> **Supplied records**
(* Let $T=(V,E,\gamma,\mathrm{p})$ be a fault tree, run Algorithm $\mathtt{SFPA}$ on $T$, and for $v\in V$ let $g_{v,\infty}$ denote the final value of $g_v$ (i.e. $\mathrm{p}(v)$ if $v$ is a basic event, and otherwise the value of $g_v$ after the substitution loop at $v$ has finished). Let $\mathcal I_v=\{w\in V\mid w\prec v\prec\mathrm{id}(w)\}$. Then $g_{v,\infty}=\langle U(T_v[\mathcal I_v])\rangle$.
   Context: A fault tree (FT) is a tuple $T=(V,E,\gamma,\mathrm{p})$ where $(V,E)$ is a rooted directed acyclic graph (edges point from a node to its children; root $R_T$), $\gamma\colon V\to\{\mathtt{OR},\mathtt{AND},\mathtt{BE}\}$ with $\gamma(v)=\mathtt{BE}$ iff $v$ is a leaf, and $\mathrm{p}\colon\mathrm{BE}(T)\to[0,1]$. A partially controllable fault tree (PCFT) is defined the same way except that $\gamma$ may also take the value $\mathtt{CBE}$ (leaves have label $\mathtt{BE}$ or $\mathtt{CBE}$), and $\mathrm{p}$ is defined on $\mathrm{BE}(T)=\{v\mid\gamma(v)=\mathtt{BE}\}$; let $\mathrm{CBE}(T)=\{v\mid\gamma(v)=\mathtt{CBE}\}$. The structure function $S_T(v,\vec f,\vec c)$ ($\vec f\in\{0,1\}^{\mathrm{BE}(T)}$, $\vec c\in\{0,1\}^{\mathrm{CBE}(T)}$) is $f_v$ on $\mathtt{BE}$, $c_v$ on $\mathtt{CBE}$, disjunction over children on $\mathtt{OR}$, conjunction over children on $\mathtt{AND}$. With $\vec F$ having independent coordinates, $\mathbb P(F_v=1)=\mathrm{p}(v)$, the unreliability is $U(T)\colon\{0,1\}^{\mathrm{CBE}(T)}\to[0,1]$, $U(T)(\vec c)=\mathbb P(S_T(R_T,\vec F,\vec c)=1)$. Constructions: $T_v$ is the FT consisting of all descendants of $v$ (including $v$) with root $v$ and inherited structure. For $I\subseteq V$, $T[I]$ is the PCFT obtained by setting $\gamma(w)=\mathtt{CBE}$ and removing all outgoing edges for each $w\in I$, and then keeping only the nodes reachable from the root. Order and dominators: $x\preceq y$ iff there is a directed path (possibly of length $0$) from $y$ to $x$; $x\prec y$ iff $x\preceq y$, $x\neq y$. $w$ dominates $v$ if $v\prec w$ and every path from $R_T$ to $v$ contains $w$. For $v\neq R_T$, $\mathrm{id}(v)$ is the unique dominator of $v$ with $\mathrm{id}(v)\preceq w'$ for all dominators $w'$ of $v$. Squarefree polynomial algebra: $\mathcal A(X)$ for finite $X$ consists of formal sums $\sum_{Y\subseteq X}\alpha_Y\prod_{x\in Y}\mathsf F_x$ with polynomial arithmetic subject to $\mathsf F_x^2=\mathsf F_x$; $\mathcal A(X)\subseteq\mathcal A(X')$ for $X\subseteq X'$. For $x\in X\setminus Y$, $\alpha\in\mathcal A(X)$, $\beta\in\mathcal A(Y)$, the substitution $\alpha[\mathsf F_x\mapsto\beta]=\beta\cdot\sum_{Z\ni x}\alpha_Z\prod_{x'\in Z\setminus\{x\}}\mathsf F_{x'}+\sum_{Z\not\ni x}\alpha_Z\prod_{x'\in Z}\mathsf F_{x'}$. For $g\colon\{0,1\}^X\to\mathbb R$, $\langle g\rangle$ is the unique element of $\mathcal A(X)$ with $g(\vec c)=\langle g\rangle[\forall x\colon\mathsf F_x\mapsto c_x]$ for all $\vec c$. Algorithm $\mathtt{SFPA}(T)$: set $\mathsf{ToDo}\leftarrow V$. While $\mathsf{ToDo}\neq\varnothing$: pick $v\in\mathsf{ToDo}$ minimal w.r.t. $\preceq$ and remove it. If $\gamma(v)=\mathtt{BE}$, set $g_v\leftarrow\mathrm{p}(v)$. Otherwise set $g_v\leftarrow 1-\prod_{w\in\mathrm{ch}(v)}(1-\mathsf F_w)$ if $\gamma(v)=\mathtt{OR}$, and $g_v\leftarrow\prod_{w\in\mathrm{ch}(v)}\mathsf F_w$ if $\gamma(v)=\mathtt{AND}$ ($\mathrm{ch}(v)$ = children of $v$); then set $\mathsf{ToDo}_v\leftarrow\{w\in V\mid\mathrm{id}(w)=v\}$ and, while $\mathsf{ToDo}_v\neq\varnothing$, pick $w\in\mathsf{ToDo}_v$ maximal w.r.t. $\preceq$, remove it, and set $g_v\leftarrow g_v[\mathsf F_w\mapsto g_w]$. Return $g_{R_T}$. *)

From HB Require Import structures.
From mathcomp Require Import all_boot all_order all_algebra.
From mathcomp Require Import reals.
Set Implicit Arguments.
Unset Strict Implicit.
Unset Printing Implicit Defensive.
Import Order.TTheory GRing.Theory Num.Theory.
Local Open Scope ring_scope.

> **Task description**
Look through the data above. Find each line with the string "Implicit" and copy it.

> **Solution to this problem**
Set Implicit Arguments.
Unset Strict Implicit.
Unset Printing Implicit Defensive.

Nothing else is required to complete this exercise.